Now, wilderness for me is an instant transfusion. The ground is grounding. A lake, river or stream puts me in flow. I feel most alive when I'm not in charge, when I'm pitched from the canoe, slip and slide down a muddy trail, get drenched in a torrential downpour, or get windblown on an island. To me, the outdoors is immediate and inescapable, a little fearful. It stirs me up.

Look out from an untouched lake, a bluff, a waterfall or a canyon and my “issues” seem small. It always seems a little surprising to find that after a personal upheaval of the mind or heart, everything in nature continues exactly the same, authentic. You are never so still as when you see a deer, never so elated as when you crest a peak and view the vista, never so alive as when you hear a wolf howl or a loon call, never so entertained as when you watch an otter or the northern lights.

Nature is authentic. It is exactly what it seems to be.

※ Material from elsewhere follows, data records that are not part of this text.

(* Finite topology on the linear subspace [S] of a real vector space [E]
   (S is the ambient subspace: [setT] for E itself, c00(V) inside V -> R).
   U is open iff U ∩ L is (Euclidean-)open in every finite-dimensional
   linear subspace L of S.  The Euclidean topology of L is written out through
   coordinates: for every finite family v_1..v_n of vectors of S, the preimage
   of U under the linear map t |-> \sum_i t_i v_i : R^n -> E is open in R^n.
   (Every finite family spans a finite-dimensional L, and for a basis of L this
   map is a homeomorphism R^n ~ L.) *)
Definition finite_open {R : realType} {E : lmodType R} (S : set E) (U : set E)
  : Prop :=
  forall (n : nat) (v : 'I_n -> E), (forall i, S (v i)) ->
    open [set t : 'rV[R]_n | U (\sum_(i < n) t ord0 i *: v i)].

Definition finite_continuous {R : realType} {X : topologicalType}
  {E : lmodType R} (S : set E) (f : X -> E) : Prop :=
  forall U : set E, finite_open S U -> open (f @^-1` U).

Definition totally_lsc {X : topologicalType} {E : Type} (Phi : X -> set E)
  : Prop :=
  forall U : set E, open [set x | Phi x `&` U !=set0].

Definition open_cover {X : topologicalType} (CU : set (set X)) : Prop :=
  (forall W, CU W -> open W /\ W !=set0) /\ \bigcup_(W in CU) W = setT.

Definition open_icover {X : topologicalType} {A : Type} (U : A -> set X)
  : Prop :=
  (forall a, open (U a) /\ U a !=set0) /\ \bigcup_(a in setT) U a = setT.

(* c00(CU): finitely supported real functions on the vertex set CU
   (vertices W identified with their characteristic functions \1_[set W]). *)
Definition c00 {R : realType} {X : Type} (CU : set (set X))
  (g : set X -> R) : Prop :=
  finite_set [set W | g W != 0] /\ [set W | g W != 0] `<=` CU.

(* g lies in the geometric realisation |N(CU)| of the nerve of CU:
   g is a convex combination of the vertices of some simplex sigma of the
   nerve, i.e. a finite nonempty family of members of CU with nonempty
   intersection. *)
Definition in_nerve_realisation {R : realType} {X : Type} (CU : set (set X))
  (g : set X -> R) : Prop :=
  exists (n : nat) (sigma : 'I_n -> set X) (lam : 'I_n -> R),
    [/\ (0 < n)%N, (forall i, CU (sigma i)),
        (exists x, forall i, sigma i x),
        (forall i, 0 <= lam i) /\ \sum_(i < n) lam i = 1 &
        g = \sum_(i < n) lam i *: (\1_[set sigma i] : set X -> R)].

Definition canonical_map {R : realType} {X : topologicalType}
  (CU : set (set X)) (f : X -> (set X -> R)) : Prop :=
  [/\ forall x, in_nerve_realisation CU (f x),
      finite_continuous (c00 CU) f &
      forall W, CU W -> [set x | f x W != 0] `<=` W].

Definition subordinated_pu {R : realType} {X : topologicalType}
  {A : choiceType} (U : A -> set X) (xi : A -> X -> R) : Prop :=
  [/\ forall a, continuous (xi a),
      forall a x, 0 <= xi a x <= 1,
      forall x, (\esum_(a in setT) (xi a x)%:E = 1%:E)%E &
      forall a, [set x | xi a x != 0] `<=` U a].

(* (iii) => (ii): index a partition of unity by the cover itself.  To make it
   locally finite, cut every function at half the pointwise maximum
   m(x) = sup_a xi_a(x), which is continuous and positive, and renormalise: near
   x0 only the finitely many xi_a that are not small at x0 survive the cut.  The
   canonical map is then x |-> sum_W eta_W(x) W, a point of the simplex spanned
   by the members of the cover that contain x.
   (ii) => (i): by total lower semicontinuity the fibres Phi^-1(e) form an open
   cover.  Choosing a point e_W with W = Phi^-1(e_W) and extending W |-> e_W
   linearly to c00 gives a map that is continuous for the finite topologies;
   composed with a canonical map it is a selection, because only fibres
   containing x carry weight at x and Phi(x) is convex.
   (i) => (iii): a selection of x |-> {finitely supported probability vectors
   carried by the members of the cover containing x} is a partition of unity. *)

From HB Require Import structures.
From mathcomp Require Import all_boot all_order all_algebra.
From mathcomp Require Import all_classical all_reals.
From mathcomp Require Import ereal topology normedtype numfun esum convex lra.
Import Order.TTheory GRing.Theory Num.Theory numFieldNormedType.Exports.
Local Open Scope classical_set_scope.
Local Open Scope ring_scope.
Set Implicit Arguments. Unset Strict Implicit. Unset Printing Implicit Defensive.

Lemma fsumT_seq (I : choiceType) (V : nmodType) (F : I -> V) (s : seq I) :
  uniq s -> (forall i, F i != 0 -> i \in s) ->
  \sum_(i \in [set: I]) F i = \sum_(i <- s) F i.
Proof.
move=> us Fs; rewrite (fsbigE s) //; first by under eq_bigl do rewrite in_setT.
by move=> i _; apply: contraNeq; exact: Fs.
Qed.

Lemma sumr_neq0_term (I : eqType) (V : nmodType) (s : seq I) (F : I -> V) :
  \sum_(i <- s) F i != 0 -> exists2 i, i \in s & F i != 0.
Proof.
apply: contraNP => /forall2NP F0; apply/eqP; rewrite big1_seq // => i /= si.
by have [//|/negP/negPn/eqP] := F0 i.
Qed.

Lemma ler_psum_term (R : numDomainType) (I : eqType) (s : seq I) (F : I -> R) i :
  uniq s -> i \in s -> (forall j, 0 <= F j) -> F i <= \sum_(j <- s) F j.
Proof. by move=> us si F0; rewrite (bigD1_seq i) //= lerDl sumr_ge0. Qed.

Lemma convex_set_sum (R : realType) (E : lmodType R)
  (C : set (convex_lmodType E)) (I : eqType) (s : seq I) (lam : I -> R)
  (p : I -> E) :
  convex_set C -> (forall i, 0 <= lam i) -> \sum_(i <- s) lam i = 1 ->
  (forall i, i \in s -> lam i != 0 -> C (p i)) ->
  C (\sum_(i <- s) lam i *: p i).
Proof.
move=> cC; elim: s lam => [|i s IH] lam lam0.
  by rewrite big_nil => /eqP; rewrite eq_sym oner_eq0.
rewrite !big_cons => lam1 Cp.
set m := \sum_(j <- s) lam j in lam1.
have m0 : 0 <= m by exact: sumr_ge0.
have Cpi : lam i != 0 -> C (p i) by apply: Cp; rewrite mem_head.
have [mz|mnz] := eqVneq m 0.
  have lamz j : j \in s -> lam j = 0.
    by move=> sj; move/eqP: mz; rewrite psumr_eq0 // => /allP/(_ j sj)/eqP.
  rewrite big1_seq ?addr0 => [|j /andP[_ /lamz ->]]; last by rewrite scale0r.
  have li : lam i = 1 by rewrite -lam1 mz addr0.
  by rewrite li scale1r; apply: Cpi; rewrite li oner_eq0.
have Cq : C (\sum_(j <- s) (lam j / m) *: p j).
  apply: IH => [j||j sj]; first by rewrite divr_ge0.
    by rewrite -mulr_suml divff.
  by rewrite mulf_eq0 negb_or => /andP[lj _]; apply: Cp; rewrite // inE sj orbT.
have -> : \sum_(j <- s) lam j *: p j = m *: \sum_(j <- s) (lam j / m) *: p j.
  by rewrite scaler_sumr; apply: eq_bigr => j _; rewrite scalerA mulrC divfK.
have [liz|linz] := eqVneq (lam i) 0.
  have m1 : m = 1 by rewrite -lam1 liz add0r.
  by rewrite liz scale0r add0r {1}m1 scale1r.
have li1 : lam i <= 1 by rewrite -lam1 lerDl.
have mE : m = 1 - lam i by rewrite -lam1 addrAC subrr add0r.
set q := \sum_(j <- s) _ in Cq *.
have := cC (p i) q (Itv01 (lam0 i) li1); rewrite !inE mE.
by move=> /(_ (Cpi linz) Cq).
Qed.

“When one tugs at a single thing in nature, he finds it attached to the rest of the world.” ~John Muir

“A human being is part of a whole, called by us the “Universe,” a part limited in time and space. He experiences himself, his thoughts and feelings, as something separated from the rest—a kind of optical delusion of his consciousness. The delusion is a kind of prison for us, restricting us to our personal desires and to affection for a few persons nearest us. Our task must be to free ourselves from this prison by widening our circles of compassion to embrace all living creatures and the whole of nature in its beauty.” ~Albert Einstein

“A man is related to all nature.” ~Ralph Waldo Emerson

“Nature teaches more than she preaches. There are no sermons in stones. It is easier to get a spark out of a stone than a moral.” ~John Burroughs

Start small with a swim in the ocean or a lake or a walk in a state park. Throw some friggin’ moss. Get your hands dirty. Stink.